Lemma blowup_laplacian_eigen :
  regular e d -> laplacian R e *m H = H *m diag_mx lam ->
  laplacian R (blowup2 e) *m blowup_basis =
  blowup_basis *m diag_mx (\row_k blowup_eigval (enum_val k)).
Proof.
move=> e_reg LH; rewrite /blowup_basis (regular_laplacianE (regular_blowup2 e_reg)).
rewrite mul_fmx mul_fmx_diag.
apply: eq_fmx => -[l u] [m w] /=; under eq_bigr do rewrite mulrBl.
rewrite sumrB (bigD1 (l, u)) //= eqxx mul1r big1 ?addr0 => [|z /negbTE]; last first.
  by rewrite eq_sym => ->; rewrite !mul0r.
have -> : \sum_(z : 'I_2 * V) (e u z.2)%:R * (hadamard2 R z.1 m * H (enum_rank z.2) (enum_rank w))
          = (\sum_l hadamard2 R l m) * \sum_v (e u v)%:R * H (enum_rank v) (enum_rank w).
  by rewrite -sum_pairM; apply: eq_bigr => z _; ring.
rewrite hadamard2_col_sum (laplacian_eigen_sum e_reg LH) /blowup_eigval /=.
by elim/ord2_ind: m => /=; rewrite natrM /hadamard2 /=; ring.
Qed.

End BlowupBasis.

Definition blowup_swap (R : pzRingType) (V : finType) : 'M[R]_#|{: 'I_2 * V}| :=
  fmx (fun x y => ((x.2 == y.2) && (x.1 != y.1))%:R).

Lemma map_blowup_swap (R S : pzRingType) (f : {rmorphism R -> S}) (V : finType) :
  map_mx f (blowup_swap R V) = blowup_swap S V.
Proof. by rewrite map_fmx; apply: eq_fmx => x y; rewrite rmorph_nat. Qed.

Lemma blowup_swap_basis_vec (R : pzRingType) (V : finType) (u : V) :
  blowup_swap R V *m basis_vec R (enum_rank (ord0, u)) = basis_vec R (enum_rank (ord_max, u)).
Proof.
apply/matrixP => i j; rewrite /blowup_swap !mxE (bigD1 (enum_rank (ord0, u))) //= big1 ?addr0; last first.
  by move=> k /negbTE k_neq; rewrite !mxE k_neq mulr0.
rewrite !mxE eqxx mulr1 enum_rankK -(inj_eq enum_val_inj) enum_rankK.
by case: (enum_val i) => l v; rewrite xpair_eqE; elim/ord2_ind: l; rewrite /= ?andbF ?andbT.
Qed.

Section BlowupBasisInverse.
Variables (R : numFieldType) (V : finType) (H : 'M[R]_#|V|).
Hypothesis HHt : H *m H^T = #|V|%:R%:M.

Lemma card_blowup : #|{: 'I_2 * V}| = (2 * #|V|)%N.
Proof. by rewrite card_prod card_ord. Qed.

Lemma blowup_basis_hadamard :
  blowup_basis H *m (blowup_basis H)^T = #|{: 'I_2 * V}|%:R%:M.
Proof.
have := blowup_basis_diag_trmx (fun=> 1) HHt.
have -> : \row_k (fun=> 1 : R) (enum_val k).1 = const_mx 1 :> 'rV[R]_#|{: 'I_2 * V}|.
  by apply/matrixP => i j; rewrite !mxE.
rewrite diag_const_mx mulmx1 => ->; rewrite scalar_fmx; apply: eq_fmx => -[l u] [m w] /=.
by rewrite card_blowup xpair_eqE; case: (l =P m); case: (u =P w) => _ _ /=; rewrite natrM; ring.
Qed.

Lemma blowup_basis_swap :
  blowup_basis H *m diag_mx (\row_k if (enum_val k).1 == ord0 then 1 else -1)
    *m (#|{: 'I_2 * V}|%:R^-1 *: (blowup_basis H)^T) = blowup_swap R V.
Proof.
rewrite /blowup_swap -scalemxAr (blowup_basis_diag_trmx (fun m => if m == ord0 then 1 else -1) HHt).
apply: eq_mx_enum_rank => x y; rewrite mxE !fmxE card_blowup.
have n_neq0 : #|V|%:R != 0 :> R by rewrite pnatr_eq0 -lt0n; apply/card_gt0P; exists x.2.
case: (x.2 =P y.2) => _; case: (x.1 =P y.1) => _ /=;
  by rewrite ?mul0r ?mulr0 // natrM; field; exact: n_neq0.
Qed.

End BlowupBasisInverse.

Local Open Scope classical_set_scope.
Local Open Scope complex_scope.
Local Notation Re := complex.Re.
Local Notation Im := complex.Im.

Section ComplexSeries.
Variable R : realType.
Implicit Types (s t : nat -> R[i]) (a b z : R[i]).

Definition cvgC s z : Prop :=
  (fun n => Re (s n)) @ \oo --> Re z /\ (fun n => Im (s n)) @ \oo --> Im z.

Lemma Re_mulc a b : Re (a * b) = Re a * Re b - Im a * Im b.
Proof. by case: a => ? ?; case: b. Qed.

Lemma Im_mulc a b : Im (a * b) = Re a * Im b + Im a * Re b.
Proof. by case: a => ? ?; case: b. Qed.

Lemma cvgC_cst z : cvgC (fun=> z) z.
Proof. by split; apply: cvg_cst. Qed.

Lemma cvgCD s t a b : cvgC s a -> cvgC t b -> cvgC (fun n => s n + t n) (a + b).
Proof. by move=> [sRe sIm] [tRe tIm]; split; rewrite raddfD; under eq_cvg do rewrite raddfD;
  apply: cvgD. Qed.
====
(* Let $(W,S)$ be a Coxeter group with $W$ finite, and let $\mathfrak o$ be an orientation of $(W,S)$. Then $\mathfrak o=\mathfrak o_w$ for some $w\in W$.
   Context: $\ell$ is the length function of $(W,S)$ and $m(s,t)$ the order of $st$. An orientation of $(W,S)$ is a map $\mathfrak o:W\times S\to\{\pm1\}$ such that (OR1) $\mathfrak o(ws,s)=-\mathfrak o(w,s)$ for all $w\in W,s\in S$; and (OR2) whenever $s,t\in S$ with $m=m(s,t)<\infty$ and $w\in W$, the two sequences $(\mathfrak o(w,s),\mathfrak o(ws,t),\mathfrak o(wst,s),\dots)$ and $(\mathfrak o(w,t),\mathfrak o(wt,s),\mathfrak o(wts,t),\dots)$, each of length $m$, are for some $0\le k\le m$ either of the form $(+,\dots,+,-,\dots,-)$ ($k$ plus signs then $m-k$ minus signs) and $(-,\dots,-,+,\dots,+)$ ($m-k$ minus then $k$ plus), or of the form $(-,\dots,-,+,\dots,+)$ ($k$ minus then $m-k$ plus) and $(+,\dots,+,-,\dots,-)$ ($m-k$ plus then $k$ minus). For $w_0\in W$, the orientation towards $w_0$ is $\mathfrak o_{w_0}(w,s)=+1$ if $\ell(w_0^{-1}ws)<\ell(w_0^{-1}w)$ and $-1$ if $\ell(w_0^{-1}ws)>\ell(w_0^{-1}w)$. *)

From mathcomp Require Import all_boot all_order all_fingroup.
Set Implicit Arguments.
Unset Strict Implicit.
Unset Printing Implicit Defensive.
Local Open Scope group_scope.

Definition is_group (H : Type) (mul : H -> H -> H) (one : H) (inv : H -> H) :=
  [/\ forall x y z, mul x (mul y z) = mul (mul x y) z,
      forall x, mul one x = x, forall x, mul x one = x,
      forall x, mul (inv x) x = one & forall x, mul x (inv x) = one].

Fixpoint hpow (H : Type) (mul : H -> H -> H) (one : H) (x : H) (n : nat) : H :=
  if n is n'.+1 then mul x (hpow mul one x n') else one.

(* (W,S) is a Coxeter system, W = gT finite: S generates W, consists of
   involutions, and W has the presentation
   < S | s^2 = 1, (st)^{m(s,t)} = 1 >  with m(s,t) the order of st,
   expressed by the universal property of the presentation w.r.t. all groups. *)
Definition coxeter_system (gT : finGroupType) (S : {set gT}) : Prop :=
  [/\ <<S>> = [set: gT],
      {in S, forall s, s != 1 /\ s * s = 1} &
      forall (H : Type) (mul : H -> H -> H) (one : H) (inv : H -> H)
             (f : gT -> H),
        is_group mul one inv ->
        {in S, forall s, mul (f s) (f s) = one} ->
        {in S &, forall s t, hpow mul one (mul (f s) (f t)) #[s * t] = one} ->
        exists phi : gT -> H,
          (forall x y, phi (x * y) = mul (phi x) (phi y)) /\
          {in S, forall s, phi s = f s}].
====
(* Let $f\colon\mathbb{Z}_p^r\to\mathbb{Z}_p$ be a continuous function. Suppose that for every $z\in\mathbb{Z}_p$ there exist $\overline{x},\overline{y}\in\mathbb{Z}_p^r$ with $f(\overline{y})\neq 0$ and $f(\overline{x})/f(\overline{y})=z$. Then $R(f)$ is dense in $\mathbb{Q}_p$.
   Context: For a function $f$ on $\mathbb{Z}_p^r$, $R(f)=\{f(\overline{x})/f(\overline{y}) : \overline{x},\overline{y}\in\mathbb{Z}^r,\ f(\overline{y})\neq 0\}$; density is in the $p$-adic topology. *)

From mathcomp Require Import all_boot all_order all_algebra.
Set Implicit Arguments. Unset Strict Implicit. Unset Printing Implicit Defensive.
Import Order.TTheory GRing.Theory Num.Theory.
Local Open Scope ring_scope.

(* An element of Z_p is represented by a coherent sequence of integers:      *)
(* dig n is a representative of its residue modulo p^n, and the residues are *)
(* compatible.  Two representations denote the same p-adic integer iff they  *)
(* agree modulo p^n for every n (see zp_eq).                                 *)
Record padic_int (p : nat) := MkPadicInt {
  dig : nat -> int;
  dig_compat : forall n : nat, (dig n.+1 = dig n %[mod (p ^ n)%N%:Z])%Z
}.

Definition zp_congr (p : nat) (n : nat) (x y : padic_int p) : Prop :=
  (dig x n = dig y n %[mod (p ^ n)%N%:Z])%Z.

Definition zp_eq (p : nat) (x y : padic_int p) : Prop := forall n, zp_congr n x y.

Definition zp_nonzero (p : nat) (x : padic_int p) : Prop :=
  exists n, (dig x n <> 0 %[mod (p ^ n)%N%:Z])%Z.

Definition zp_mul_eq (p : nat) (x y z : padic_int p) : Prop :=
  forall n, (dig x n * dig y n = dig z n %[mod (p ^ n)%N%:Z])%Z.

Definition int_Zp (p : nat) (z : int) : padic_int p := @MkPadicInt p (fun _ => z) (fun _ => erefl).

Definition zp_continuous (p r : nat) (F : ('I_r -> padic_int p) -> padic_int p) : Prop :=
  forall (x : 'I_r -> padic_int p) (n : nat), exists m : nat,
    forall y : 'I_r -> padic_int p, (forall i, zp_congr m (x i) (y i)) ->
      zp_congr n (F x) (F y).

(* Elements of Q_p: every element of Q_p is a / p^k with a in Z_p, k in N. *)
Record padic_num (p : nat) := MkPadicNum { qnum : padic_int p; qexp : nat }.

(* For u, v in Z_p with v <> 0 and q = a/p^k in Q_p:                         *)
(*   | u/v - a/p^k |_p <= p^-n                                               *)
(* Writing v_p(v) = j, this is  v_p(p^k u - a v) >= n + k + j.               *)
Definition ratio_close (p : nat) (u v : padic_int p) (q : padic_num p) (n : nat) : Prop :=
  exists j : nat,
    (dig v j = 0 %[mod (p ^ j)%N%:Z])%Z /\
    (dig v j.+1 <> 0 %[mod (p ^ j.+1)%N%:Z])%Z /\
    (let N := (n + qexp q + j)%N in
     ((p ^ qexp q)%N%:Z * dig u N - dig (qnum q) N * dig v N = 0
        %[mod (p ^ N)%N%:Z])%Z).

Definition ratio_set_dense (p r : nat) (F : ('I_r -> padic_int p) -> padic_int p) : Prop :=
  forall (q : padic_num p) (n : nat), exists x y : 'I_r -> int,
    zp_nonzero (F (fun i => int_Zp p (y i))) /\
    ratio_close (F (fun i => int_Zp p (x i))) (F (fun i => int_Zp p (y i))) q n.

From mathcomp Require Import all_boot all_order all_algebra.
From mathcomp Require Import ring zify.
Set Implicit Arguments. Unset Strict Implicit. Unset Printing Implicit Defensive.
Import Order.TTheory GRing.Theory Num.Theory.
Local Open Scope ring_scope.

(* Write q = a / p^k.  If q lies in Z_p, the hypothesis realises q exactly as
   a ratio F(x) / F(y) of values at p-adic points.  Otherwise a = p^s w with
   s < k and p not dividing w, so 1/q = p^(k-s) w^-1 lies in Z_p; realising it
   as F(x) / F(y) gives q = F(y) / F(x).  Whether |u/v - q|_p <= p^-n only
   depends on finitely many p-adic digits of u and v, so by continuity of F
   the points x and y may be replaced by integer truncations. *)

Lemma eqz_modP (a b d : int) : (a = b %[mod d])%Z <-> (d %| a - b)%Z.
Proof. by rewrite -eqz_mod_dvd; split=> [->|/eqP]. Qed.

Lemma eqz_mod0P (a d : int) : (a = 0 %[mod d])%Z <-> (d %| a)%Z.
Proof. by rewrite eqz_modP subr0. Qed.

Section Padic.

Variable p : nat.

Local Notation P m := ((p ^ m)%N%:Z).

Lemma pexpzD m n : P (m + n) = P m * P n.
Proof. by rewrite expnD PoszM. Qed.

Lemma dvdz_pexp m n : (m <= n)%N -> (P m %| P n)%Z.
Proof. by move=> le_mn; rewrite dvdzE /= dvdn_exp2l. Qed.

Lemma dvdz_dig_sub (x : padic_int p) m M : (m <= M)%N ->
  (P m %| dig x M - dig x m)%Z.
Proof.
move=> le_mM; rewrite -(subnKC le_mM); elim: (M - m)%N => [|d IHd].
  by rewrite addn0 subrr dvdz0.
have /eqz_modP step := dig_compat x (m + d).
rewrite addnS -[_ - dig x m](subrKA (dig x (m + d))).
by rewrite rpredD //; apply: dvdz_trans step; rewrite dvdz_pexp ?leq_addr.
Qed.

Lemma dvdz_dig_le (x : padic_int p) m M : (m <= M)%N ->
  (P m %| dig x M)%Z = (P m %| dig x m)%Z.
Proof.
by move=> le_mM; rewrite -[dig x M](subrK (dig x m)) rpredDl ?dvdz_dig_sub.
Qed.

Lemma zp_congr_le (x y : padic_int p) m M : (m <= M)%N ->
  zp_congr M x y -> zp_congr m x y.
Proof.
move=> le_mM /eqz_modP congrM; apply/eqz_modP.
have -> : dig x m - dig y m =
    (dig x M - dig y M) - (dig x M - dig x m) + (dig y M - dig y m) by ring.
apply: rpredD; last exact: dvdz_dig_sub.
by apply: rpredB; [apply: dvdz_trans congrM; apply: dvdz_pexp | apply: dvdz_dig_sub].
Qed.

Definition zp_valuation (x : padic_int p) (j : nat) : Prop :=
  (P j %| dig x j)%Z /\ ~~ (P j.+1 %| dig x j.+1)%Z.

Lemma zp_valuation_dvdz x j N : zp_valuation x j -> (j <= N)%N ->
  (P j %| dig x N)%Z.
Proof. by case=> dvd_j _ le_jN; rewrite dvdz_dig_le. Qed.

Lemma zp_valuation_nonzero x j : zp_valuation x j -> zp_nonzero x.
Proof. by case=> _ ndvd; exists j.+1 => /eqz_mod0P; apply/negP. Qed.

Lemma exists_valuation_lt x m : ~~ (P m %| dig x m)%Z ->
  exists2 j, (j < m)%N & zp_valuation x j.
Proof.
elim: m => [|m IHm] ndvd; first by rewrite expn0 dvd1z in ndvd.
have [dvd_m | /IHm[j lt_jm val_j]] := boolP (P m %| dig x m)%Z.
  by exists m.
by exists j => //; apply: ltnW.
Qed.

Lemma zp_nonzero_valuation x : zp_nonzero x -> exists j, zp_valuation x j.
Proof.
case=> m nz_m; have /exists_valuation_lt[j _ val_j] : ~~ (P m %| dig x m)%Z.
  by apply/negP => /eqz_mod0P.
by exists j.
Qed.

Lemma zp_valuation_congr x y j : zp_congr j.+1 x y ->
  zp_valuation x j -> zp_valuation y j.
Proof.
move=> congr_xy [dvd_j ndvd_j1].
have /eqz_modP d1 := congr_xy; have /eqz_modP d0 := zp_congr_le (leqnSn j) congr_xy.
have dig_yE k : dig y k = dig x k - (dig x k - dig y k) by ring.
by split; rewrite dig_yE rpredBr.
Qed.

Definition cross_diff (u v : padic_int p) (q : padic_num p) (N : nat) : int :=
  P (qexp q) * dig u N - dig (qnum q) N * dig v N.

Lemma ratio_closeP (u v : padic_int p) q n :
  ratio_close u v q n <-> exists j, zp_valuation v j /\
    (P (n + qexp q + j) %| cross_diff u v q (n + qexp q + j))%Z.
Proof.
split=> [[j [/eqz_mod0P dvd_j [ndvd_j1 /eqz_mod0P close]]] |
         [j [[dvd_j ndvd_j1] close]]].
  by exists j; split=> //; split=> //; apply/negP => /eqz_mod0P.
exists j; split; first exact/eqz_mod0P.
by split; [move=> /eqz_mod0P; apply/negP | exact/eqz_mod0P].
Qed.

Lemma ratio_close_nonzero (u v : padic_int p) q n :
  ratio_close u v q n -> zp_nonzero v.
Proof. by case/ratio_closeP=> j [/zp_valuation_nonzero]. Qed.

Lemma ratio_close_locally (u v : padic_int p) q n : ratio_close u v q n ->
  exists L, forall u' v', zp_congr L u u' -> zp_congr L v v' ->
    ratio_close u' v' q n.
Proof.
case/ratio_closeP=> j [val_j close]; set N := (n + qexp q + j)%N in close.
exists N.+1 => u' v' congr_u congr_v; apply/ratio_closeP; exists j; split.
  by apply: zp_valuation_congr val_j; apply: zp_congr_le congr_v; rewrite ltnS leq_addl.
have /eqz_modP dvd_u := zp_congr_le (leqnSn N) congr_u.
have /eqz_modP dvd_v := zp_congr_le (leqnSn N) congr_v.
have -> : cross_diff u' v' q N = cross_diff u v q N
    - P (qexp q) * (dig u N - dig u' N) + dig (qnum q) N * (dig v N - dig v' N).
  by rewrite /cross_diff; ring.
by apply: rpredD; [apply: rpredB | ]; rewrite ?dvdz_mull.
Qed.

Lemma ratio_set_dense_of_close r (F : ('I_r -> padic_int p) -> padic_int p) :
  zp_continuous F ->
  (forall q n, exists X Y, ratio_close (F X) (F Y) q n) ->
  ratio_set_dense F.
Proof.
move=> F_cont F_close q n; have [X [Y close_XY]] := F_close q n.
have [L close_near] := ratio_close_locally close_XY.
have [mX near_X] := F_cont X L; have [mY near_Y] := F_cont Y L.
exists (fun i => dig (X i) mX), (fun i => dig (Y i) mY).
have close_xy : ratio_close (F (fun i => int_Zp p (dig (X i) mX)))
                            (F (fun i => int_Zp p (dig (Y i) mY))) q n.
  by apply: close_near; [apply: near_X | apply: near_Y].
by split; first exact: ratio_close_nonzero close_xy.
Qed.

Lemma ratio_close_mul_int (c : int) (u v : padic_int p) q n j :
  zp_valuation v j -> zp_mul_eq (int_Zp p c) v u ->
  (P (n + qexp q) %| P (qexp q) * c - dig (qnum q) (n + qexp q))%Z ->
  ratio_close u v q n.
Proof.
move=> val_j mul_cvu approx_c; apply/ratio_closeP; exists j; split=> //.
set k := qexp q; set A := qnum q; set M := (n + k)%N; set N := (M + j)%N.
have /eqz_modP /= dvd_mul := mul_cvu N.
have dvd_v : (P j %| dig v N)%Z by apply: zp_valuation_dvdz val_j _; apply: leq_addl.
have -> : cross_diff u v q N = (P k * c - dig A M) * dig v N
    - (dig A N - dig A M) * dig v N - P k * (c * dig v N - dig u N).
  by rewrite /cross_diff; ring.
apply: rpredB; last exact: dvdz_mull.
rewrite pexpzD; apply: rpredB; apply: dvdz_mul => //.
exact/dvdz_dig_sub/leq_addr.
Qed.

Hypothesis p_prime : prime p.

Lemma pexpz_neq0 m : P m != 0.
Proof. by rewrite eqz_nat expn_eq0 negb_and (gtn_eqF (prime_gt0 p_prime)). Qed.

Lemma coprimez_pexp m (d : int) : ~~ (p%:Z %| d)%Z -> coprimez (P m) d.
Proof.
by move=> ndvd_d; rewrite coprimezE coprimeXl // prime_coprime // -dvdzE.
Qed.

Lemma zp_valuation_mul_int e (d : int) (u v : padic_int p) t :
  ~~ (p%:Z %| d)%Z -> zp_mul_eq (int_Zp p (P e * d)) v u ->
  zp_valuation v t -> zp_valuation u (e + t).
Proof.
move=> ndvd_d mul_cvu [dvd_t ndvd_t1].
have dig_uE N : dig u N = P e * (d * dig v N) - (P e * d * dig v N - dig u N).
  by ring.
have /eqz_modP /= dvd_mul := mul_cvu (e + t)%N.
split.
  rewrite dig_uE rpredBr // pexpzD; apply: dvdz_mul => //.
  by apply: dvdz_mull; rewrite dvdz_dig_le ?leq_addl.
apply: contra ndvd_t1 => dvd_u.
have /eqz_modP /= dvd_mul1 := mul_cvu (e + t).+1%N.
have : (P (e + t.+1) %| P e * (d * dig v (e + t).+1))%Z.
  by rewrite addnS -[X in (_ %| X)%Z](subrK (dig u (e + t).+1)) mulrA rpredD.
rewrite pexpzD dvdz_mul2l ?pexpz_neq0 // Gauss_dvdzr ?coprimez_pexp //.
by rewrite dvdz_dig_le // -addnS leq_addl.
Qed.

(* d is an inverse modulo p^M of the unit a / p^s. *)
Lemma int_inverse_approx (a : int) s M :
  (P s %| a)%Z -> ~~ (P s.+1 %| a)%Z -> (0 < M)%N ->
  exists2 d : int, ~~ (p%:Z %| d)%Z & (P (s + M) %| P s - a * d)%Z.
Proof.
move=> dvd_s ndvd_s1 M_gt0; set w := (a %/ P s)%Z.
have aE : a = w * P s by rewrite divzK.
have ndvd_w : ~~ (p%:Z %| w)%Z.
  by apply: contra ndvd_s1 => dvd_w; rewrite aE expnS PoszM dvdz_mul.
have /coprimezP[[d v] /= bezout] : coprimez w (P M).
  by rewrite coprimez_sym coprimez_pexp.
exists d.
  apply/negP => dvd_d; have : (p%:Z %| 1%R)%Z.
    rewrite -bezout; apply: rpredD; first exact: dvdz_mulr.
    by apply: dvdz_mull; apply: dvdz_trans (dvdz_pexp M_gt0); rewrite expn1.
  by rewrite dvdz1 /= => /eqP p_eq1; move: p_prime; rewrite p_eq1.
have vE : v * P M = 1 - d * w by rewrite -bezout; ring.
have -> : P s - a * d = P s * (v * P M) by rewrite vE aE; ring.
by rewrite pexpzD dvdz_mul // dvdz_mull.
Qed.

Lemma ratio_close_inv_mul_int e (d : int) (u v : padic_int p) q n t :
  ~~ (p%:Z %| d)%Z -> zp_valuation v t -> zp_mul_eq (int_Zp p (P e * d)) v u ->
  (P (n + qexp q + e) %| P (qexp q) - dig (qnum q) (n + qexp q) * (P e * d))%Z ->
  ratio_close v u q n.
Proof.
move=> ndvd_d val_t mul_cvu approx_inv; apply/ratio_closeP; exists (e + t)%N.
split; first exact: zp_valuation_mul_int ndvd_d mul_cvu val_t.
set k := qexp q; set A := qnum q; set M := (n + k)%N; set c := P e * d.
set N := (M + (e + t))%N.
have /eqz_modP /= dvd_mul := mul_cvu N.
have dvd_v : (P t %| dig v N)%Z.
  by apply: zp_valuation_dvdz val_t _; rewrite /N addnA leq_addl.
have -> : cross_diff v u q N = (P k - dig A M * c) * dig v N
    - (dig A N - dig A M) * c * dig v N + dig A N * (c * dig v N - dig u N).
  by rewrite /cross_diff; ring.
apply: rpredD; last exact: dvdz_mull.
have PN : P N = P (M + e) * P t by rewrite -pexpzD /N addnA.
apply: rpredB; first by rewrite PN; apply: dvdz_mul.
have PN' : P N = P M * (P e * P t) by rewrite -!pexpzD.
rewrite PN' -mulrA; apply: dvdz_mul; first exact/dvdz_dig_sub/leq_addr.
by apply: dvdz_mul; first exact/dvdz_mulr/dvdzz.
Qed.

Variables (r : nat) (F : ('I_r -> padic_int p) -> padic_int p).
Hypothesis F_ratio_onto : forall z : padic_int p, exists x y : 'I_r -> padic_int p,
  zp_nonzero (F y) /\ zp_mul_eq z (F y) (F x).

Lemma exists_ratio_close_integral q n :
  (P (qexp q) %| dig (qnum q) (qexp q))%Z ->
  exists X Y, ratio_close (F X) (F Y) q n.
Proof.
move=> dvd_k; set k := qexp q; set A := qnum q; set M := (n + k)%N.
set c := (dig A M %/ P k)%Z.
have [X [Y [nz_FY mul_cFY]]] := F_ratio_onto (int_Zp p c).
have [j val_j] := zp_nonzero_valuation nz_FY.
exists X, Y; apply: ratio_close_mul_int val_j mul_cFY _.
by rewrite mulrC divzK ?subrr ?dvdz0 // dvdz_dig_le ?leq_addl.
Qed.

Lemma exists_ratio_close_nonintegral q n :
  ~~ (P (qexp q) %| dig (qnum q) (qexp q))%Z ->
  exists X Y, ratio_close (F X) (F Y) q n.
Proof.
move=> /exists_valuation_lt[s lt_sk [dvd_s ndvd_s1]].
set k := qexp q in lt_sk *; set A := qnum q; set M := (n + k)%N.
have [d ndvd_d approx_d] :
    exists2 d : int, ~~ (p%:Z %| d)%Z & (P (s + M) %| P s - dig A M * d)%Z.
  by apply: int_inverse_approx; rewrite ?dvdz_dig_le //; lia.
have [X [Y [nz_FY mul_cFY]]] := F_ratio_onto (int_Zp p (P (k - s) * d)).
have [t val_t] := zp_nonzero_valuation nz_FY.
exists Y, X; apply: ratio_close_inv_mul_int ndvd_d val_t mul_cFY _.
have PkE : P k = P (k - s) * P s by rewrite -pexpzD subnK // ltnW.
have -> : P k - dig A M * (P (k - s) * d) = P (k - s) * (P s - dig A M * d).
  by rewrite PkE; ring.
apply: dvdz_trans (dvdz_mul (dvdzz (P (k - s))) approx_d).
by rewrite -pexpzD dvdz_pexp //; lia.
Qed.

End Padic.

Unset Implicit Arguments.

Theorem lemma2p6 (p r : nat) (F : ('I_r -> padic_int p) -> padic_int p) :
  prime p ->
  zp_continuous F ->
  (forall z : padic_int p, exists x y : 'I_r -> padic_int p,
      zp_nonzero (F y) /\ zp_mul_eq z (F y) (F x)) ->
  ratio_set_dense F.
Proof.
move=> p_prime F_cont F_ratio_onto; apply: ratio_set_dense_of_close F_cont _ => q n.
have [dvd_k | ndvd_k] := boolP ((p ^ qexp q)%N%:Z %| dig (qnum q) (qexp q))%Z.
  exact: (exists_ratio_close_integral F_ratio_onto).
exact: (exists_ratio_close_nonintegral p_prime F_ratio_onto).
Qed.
====
(Assignment): From the records above, pick out and copy each line holding the word "Notation".

(Expected answer):
Local Notation Re := complex.Re.
Local Notation Im := complex.Im.
Local Notation P m := ((p ^ m)%N%:Z).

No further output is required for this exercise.